Тёмушка подала ему приготовленный новый платок, льняной и белый, как пёрышко из ангелова крыла. Воята подбросил его – взвился ветер, подхватил платочек и унёс ввысь.
В ответ донёсся глубокий, мощный вздох тёплого летнего ветра.
Подняв голову, Воята искал платочек взглядом, но видел только белые полотнища облаков. Улетел его второй «ангел». Вот у него и двое крестников. Почти как у настоящего попа, хотя до этого звания ему ещё далеко. Но если когда-нибудь владыка Мартирий всё же сочтёт его достойным, Воята знал, что учить людей будет тому же, что не дало пропасть ему самому. И будет то учение простое.
Уповай на Господа и делай добро.
Послесловие автора
Этот роман у меня идёт вне циклов и не имеет связи ни с чем, что я писала раньше. Замысел возник в немалой мере случайно (притом что случайные идеи, как известно, никогда не приходят в случайные головы). Года три назад прочла я роман-фэнтези «Под маятником солнца» от автора Джаннетт Инг. Суть была в том, что некий священник уехал в Эльфляндию с целью крестить народ эльфов, там сгинул, за ним поехала его сестра, и вот она там среди эльфов приключается. Роман наводит на размышления, а есть ли у эльфов вообще душа, ради которой их стоило бы крестить. Далее в воображении моём возник отважный отец Елпидифор, задумавший крестить домовых и леших. И понеслась… Сначала я обдумала вопрос, возможно ли это технически, то есть опять же, имеется ли у леших душа, и откуда они взялись. Однозначно на этот вопрос ответить нельзя, так как традиция предлагает разные ответы – легенды, возникшие в разное время и в разных источниках.
Собственно языческая точка зрения в том, что все природные духи – это бывшие люди, неудачно умершие или неправильно погребённые, не дожившие свой срок, не вступившие в брак, словом, отклонившиеся от обычного пути, что помешало им уйти на тот свет, и теперь они продолжают своё существование в виде духов, хозяев разных природных объектов. В науке хорошо известно мнение, согласно которому нерасчленимое множество духов, вредоносных и благодетельных, связанных по происхождению с душами умерших людей, и составляют самую архаичную основу народной демонологии. То есть все стихийные духи, хозяева рек и полей, происходят от умерших людей.
Позже, под влиянием книжных христианских легенд, возникли ещё несколько версий происхождения домовых и леших:
– из числа падших ангелов, соратников Сатаны в его бунте, сброшенных архангелом Михаилом на землю и рассеявшихся по ней (в это число включаются сами языческие боги);
– из «тайных детей Адама», спрятанных от Бога;
– от усилий чёрта, который создавал себе помощников, высекая из камня искры или рассеивая капли воды.

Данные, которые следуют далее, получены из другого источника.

Theorem theorem3p3 (R : realType) (X : topologicalType) (hT1 : @accessible_space X) :
  let T := @Tpp R X in
  let c1 := @regular_ring R X in
  let c2 := forall P, @prime_ideal R X P -> @maximal_ideal R X P in
  let c3 := forall f, T f -> exists g, T g /\ @Zset R X f = ~` @Zset R X g in
  let c4 := forall Z, @Zpp R X Z -> exists U : set X,
              [/\ @cozero R X U, dense U & clopen_in U Z] in
  let c5 := forall I, @ideal R X I -> @z_ideal R X I in
  let c6 := forall I, @ideal R X I -> @intersection_of R X (@prime_ideal R X) I in
  let c7 := forall I, @ideal R X I -> @intersection_of R X (@maximal_ideal R X) I in
  let c8 := forall f g, T f -> T g ->
              @gen R X [set f; g] = @gen R X [set (fun x => f x ^+ 2 + g x ^+ 2)] in
  let c9 := forall f, T f -> exists e,
              @idempotent_fn R X e /\ @gen R X [set f] = @gen R X [set e] in
  (c1 <-> c2) /\ (c1 <-> c3) /\ (c1 <-> c4) /\ (c1 <-> c5) /\ (c1 <-> c6) /\
  (c1 <-> c7) /\ (c1 <-> c8) /\ (c1 <-> c9).
Proof.
move=> T c1 c2 c3 c4 c5 c6 c7 c8 c9.
split; first by split=> [reg P|]; [exact: regular_prime_maximal | exact: prime_maximal_regular].
split; first by split=> [reg f|]; [exact: regular_Zset_complement | exact: Zset_complement_regular].
split; first by split=> [reg Z|]; [exact: regular_Zset_clopen | exact: Zset_clopen_regular].
split; first by split=> [reg I|]; [exact: regular_z_ideal | exact: z_ideal_regular].
split.
  by split=> [reg I|]; [exact: regular_intersection_prime | exact: intersection_prime_regular].
split.
  split=> [reg I|]; first exact: regular_intersection_maximal.
  by apply: intersection_prime_regular => J; exact: maximal_prime.
split; first by split=> [reg f g|]; [exact: regular_gen2 | exact: gen2_regular].
by split=> [reg f|]; [exact: regular_idempotent_generator | exact: idempotent_generator_regular].
Qed.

Пока я об этом думала и читала источники, у меня сложился целый план, мало похожий на изначальную идею (но это бывает сплошь и рядом). В итоге роман начал развиваться как своеобразный «Антивий»: мой герой, поповский сын Воята, оказался поставлен почти в те же условия, как Хома Брут, но если последний погиб, потому что испугался, значит, смелость в этой ситуации может героя спасти. Фольклорный источник прямо так и говорит (устами святого Николая): «Евангелие читай и ничего не бойся». Некоторые сцены в разных местах моего романа идут как прямая отсылка к «Вию», начальнику русских ужасов. Избежать этого сложно, поскольку фольклорный материал на всех один – для меня и для Гоголя.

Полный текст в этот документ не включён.